## Exercise directions
Include in the output exactly the lines from the opening of the data through the line containing "assert (L * L * (L", and nothing more.

Saved entries
• • • • • • •

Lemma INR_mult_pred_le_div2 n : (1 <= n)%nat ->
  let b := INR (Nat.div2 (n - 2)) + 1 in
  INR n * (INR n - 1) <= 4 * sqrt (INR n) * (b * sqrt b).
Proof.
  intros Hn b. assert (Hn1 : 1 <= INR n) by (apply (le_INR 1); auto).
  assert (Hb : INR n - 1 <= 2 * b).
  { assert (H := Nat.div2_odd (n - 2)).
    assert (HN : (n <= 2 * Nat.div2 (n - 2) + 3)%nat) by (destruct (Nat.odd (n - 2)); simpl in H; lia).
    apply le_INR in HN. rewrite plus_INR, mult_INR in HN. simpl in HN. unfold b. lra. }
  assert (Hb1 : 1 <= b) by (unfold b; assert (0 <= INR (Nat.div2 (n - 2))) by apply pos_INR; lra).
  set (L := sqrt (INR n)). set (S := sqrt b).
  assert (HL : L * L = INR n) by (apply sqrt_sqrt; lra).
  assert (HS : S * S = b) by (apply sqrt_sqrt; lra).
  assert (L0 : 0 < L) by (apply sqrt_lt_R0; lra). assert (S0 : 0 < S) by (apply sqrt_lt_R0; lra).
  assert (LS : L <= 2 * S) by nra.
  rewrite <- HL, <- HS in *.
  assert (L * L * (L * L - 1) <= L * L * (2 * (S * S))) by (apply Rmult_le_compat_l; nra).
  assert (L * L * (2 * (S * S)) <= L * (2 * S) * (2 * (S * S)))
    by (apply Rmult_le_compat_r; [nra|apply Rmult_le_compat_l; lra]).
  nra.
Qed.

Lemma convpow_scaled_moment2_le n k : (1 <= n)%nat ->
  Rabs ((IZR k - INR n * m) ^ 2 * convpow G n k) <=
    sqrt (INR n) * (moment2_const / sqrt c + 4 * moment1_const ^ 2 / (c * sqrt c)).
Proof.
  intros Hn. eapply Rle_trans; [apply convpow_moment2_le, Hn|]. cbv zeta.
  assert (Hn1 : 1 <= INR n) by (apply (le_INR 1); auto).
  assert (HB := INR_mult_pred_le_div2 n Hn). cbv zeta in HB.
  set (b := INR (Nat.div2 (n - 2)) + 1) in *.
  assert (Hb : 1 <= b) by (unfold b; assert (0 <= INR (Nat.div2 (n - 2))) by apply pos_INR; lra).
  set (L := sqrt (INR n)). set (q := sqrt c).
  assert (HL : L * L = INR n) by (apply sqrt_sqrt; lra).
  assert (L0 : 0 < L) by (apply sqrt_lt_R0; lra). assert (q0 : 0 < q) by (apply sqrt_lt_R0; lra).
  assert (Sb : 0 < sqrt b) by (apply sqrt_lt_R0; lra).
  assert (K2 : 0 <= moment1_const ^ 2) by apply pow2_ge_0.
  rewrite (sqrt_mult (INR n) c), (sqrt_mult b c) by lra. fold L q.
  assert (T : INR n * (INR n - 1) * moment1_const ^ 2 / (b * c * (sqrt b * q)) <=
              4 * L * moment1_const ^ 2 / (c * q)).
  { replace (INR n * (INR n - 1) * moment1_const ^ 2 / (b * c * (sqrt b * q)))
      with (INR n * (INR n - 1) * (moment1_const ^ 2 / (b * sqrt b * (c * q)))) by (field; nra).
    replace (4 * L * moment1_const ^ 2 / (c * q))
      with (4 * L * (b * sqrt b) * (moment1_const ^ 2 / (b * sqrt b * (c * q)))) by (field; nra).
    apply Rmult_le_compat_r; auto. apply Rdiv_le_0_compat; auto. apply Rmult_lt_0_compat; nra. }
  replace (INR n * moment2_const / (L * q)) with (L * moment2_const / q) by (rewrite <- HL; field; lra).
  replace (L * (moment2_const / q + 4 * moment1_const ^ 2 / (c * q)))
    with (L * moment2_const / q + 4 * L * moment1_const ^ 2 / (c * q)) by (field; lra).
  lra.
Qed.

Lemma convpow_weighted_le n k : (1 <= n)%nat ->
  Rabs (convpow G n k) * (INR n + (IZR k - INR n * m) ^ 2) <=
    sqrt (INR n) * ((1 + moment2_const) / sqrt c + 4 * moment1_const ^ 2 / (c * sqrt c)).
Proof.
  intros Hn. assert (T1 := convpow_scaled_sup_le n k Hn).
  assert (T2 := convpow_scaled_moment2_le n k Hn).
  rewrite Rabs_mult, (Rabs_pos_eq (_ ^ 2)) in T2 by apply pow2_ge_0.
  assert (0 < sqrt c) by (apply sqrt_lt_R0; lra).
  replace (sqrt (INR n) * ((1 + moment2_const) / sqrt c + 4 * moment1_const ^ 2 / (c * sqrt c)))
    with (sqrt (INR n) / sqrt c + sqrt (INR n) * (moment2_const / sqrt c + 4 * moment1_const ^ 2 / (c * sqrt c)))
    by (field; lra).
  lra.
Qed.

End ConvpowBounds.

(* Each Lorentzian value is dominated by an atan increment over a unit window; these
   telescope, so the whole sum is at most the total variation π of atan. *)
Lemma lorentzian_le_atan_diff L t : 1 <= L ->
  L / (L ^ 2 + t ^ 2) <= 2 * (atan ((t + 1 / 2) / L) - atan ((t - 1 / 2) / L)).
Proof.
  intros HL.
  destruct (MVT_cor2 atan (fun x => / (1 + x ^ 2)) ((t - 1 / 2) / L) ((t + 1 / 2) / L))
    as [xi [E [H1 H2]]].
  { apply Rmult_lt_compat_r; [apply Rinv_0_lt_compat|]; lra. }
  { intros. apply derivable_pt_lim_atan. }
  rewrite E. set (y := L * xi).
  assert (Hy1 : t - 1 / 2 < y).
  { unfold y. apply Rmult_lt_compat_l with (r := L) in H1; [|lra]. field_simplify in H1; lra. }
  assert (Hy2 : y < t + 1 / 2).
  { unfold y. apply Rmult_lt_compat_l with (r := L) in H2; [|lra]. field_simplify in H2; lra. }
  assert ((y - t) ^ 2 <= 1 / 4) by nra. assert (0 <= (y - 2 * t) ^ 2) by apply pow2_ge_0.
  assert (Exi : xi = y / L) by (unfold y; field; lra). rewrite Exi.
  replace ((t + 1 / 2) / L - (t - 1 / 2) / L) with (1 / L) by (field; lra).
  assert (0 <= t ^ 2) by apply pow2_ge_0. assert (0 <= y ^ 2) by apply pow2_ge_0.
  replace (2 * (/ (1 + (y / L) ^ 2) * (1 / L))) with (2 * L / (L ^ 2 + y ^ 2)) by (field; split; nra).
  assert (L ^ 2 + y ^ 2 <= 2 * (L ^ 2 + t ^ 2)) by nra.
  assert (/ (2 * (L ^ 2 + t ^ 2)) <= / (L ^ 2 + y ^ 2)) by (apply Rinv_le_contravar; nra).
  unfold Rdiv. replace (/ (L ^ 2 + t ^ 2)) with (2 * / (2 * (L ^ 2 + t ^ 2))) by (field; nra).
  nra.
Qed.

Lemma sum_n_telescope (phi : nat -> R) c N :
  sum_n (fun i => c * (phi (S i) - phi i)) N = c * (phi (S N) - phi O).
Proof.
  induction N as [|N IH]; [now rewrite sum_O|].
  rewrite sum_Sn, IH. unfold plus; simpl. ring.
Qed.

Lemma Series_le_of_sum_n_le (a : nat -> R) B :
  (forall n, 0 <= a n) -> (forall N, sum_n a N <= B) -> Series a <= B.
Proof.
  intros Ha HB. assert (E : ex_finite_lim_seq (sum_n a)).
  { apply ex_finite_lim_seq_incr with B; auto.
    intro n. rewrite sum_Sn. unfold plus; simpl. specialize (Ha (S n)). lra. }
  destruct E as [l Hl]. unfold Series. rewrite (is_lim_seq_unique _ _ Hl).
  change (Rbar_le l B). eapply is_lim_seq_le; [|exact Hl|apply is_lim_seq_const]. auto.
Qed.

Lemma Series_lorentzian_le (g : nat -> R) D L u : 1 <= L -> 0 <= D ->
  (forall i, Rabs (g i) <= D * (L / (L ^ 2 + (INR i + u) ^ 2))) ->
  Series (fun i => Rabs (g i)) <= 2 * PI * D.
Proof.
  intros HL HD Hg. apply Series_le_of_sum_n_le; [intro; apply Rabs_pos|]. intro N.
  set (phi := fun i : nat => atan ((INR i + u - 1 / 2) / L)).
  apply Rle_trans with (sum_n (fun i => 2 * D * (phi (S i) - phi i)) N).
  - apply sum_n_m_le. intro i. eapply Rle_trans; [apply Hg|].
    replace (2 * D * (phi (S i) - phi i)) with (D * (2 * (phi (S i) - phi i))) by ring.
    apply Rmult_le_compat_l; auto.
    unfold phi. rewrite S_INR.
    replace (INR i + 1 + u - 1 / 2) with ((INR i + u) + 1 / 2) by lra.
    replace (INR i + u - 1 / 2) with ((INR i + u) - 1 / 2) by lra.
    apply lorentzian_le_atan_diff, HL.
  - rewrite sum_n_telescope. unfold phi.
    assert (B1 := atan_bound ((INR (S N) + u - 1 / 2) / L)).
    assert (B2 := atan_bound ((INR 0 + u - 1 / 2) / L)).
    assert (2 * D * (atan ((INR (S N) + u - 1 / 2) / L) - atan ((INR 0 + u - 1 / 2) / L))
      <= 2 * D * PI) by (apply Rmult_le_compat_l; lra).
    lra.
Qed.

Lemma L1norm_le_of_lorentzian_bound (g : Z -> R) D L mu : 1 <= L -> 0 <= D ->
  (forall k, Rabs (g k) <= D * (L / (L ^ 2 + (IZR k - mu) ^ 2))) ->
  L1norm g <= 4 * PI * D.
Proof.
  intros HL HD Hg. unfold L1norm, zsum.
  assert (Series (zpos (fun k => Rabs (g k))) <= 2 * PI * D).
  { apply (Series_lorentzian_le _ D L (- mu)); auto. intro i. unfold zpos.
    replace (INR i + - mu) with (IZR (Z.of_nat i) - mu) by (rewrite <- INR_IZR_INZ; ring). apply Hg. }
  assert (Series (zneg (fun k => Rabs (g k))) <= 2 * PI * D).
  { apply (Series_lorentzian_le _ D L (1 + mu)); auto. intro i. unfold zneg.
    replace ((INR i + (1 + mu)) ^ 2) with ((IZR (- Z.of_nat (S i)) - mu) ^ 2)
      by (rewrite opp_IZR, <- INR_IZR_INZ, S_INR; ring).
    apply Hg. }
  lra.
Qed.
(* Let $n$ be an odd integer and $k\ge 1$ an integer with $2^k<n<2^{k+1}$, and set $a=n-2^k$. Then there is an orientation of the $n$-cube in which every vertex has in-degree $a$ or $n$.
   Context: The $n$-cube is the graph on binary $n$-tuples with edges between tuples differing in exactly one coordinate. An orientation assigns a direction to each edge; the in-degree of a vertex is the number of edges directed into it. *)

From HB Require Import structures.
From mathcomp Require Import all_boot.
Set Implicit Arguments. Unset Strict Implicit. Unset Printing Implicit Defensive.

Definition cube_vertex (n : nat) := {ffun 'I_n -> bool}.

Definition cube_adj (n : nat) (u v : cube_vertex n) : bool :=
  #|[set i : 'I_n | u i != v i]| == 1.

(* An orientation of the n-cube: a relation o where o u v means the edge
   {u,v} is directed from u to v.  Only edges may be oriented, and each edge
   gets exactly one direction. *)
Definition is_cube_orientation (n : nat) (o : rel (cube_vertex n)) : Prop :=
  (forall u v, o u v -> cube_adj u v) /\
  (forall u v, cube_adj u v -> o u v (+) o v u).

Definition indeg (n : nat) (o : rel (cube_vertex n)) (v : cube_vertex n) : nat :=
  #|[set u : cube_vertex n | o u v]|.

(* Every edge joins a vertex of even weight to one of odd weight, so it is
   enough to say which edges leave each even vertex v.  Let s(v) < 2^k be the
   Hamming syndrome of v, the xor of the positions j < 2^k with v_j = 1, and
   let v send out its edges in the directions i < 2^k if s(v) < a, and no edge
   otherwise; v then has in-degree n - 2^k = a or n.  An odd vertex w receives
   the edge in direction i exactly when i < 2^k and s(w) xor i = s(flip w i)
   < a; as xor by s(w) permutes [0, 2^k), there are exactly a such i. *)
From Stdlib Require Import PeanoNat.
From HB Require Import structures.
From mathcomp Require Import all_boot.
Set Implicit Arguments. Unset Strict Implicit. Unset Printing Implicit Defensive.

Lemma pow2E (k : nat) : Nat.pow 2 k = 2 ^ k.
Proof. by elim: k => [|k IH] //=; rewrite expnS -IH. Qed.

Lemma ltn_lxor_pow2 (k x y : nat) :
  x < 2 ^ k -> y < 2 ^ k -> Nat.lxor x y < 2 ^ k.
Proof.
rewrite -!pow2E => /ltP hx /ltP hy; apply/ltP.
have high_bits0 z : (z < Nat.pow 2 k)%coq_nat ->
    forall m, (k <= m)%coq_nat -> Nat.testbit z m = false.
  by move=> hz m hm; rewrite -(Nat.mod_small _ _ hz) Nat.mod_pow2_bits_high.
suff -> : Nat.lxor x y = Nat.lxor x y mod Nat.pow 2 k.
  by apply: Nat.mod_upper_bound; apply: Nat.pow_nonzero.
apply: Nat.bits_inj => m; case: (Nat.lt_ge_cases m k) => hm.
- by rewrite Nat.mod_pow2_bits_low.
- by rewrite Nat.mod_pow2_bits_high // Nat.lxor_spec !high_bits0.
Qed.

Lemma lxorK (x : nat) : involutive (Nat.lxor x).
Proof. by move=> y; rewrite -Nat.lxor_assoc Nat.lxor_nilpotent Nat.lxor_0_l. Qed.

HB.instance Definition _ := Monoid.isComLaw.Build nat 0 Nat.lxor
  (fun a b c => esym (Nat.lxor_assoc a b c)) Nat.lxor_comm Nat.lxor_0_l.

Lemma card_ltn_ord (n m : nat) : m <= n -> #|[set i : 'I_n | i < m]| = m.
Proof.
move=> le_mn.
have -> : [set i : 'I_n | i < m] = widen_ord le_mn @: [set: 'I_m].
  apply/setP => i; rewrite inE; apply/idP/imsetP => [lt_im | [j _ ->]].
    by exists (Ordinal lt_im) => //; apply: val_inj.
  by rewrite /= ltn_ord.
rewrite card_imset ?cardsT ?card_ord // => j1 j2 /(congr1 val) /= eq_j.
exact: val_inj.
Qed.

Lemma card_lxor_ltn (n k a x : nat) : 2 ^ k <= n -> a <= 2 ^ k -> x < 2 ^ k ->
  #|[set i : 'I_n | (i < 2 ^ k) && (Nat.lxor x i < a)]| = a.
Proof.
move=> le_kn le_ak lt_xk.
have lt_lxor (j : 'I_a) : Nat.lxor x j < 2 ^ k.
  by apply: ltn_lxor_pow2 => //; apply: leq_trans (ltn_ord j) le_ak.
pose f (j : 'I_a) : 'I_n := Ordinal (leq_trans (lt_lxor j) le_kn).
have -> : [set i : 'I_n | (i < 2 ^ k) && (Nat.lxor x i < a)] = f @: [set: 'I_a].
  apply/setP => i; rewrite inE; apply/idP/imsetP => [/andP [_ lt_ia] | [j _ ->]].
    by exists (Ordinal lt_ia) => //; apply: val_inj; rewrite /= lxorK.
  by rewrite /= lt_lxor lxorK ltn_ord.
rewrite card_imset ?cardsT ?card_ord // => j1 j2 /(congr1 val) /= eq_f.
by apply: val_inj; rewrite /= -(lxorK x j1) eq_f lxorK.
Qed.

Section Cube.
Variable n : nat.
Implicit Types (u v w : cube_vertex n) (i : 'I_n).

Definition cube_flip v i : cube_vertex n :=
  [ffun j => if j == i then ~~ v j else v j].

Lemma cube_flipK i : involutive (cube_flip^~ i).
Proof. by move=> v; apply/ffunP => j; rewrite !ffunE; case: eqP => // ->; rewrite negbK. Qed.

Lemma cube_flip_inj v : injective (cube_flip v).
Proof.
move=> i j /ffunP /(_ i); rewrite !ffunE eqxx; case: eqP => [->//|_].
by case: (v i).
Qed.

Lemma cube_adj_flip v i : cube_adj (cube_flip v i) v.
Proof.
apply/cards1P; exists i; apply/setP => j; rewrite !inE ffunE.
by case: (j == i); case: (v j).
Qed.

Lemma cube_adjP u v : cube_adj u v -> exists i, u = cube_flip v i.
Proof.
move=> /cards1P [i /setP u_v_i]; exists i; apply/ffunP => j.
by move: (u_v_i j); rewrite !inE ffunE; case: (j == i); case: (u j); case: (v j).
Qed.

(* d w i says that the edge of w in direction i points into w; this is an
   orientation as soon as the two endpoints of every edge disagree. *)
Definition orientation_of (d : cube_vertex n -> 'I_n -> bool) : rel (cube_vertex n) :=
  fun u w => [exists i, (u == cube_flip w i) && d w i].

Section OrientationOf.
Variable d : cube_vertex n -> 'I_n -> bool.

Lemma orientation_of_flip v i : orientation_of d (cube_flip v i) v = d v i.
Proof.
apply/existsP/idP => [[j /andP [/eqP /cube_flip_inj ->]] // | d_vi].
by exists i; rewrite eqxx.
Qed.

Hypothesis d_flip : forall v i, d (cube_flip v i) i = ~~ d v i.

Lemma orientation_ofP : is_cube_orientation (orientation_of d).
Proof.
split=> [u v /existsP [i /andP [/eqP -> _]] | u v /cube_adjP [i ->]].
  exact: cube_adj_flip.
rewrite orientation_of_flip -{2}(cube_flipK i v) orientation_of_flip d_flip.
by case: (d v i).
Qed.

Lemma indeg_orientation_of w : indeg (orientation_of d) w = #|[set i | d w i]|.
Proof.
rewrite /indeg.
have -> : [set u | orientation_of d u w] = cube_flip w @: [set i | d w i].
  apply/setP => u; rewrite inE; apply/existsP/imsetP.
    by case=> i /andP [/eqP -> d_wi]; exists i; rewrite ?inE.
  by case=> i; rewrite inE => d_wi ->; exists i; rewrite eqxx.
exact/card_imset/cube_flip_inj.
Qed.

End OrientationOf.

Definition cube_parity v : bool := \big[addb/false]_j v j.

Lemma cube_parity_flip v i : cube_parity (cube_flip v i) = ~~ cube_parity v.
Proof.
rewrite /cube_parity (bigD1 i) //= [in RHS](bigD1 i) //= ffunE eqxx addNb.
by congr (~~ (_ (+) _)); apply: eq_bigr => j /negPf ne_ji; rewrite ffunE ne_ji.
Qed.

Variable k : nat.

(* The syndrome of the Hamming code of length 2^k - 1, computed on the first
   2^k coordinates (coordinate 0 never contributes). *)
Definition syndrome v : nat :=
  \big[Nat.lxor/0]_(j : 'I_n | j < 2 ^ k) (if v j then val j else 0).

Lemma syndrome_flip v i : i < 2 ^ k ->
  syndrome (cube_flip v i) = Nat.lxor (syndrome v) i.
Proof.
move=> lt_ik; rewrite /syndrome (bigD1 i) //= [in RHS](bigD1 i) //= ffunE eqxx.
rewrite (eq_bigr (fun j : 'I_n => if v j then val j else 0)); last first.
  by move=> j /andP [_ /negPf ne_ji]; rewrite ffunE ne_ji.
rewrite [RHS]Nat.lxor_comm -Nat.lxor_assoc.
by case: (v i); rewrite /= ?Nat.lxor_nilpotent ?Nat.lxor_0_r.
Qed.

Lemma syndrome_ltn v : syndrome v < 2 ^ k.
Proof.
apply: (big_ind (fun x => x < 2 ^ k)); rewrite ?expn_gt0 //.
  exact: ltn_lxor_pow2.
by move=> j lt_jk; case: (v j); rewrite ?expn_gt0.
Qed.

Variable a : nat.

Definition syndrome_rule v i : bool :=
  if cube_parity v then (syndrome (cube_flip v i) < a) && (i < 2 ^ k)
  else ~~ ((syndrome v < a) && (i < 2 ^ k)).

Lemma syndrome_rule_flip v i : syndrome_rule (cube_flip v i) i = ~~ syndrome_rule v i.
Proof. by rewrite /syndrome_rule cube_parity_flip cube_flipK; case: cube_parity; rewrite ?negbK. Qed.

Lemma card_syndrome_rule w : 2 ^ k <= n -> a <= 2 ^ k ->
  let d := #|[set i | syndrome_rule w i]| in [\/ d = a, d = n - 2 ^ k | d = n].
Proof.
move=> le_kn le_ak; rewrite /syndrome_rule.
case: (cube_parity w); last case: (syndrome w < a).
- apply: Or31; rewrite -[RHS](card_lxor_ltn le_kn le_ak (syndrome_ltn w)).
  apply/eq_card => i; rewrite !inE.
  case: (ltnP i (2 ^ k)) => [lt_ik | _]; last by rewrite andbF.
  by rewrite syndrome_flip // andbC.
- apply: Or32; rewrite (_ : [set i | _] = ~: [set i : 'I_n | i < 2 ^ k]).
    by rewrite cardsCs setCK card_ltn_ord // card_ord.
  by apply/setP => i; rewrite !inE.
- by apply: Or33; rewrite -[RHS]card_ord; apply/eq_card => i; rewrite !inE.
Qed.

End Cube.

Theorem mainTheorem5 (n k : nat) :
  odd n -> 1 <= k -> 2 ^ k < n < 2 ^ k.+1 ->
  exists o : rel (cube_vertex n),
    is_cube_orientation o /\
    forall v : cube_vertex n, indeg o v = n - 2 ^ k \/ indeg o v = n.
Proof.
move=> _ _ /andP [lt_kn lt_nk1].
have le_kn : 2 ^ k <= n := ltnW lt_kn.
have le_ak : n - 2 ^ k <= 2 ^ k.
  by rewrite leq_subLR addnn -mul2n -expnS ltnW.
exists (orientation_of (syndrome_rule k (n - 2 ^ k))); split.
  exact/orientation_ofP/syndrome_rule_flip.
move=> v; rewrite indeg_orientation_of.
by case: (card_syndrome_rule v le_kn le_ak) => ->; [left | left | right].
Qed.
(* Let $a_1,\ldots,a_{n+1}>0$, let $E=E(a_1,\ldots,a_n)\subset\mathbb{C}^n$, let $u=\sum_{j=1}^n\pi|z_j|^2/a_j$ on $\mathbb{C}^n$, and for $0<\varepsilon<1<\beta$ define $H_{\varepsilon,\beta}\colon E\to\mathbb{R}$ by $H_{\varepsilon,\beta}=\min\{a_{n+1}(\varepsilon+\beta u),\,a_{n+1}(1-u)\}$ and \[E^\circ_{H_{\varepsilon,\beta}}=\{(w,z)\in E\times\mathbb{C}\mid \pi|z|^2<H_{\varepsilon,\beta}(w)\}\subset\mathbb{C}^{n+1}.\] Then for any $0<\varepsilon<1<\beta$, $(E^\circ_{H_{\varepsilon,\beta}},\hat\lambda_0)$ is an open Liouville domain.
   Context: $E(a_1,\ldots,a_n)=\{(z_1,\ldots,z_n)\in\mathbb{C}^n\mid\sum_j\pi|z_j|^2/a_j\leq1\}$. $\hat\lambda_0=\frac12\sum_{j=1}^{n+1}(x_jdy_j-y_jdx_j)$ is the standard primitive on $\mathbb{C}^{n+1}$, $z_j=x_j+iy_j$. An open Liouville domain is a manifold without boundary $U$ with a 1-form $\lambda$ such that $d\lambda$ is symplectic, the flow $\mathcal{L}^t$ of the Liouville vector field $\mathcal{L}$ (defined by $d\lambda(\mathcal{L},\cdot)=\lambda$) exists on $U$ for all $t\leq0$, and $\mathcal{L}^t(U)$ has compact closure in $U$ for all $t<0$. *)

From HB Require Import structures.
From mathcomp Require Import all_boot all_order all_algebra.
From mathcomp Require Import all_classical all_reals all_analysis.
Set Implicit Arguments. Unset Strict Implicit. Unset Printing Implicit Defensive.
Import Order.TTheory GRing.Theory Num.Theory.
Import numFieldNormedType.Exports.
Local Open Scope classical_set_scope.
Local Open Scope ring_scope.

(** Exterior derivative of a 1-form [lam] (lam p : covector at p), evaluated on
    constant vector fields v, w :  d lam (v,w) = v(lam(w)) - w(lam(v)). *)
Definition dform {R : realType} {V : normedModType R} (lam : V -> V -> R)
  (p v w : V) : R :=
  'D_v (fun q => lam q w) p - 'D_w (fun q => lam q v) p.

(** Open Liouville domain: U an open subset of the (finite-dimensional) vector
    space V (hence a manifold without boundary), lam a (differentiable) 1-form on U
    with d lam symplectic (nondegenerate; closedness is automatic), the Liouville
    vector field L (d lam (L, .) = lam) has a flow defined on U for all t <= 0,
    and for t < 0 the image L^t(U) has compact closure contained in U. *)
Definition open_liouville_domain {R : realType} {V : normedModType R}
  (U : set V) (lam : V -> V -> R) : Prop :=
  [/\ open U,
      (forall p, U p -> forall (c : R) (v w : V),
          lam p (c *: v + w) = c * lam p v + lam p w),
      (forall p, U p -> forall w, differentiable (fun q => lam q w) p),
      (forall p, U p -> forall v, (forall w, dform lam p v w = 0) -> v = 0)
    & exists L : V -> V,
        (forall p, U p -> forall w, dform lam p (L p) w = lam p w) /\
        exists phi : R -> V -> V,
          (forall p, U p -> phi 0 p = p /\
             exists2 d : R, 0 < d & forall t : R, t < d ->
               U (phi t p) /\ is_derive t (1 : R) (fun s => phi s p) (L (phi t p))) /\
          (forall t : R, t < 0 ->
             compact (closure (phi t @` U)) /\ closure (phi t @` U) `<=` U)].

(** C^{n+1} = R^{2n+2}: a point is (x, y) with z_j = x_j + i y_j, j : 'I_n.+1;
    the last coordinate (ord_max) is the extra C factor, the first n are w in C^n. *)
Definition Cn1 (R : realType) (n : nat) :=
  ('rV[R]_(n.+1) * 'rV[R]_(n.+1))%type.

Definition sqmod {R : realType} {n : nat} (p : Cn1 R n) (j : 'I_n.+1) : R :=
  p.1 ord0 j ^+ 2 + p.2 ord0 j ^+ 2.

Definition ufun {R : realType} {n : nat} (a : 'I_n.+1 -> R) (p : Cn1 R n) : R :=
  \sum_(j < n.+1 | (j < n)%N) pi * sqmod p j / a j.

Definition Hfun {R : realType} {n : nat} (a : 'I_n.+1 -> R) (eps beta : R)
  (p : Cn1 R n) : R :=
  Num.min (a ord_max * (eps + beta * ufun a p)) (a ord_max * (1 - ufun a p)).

• • • • • • •

## Answer space
Lemma INR_mult_pred_le_div2 n : (1 <= n)%nat ->
  let b := INR (Nat.div2 (n - 2)) + 1 in
  INR n * (INR n - 1) <= 4 * sqrt (INR n) * (b * sqrt b).
Proof.
  intros Hn b. assert (Hn1 : 1 <= INR n) by (apply (le_INR 1); auto).
  assert (Hb : INR n - 1 <= 2 * b).
  { assert (H := Nat.div2_odd (n - 2)).
    assert (HN : (n <= 2 * Nat.div2 (n - 2) + 3)%nat) by (destruct (Nat.odd (n - 2)); simpl in H; lia).
    apply le_INR in HN. rewrite plus_INR, mult_INR in HN. simpl in HN. unfold b. lra. }
  assert (Hb1 : 1 <= b) by (unfold b; assert (0 <= INR (Nat.div2 (n - 2))) by apply pos_INR; lra).
  set (L := sqrt (INR n)). set (S := sqrt b).
  assert (HL : L * L = INR n) by (apply sqrt_sqrt; lra).
  assert (HS : S * S = b) by (apply sqrt_sqrt; lra).
  assert (L0 : 0 < L) by (apply sqrt_lt_R0; lra). assert (S0 : 0 < S) by (apply sqrt_lt_R0; lra).
  assert (LS : L <= 2 * S) by nra.
  rewrite <- HL, <- HS in *.
  assert (L * L * (L * L - 1) <= L * L * (2 * (S * S))) by (apply Rmult_le_compat_l; nra).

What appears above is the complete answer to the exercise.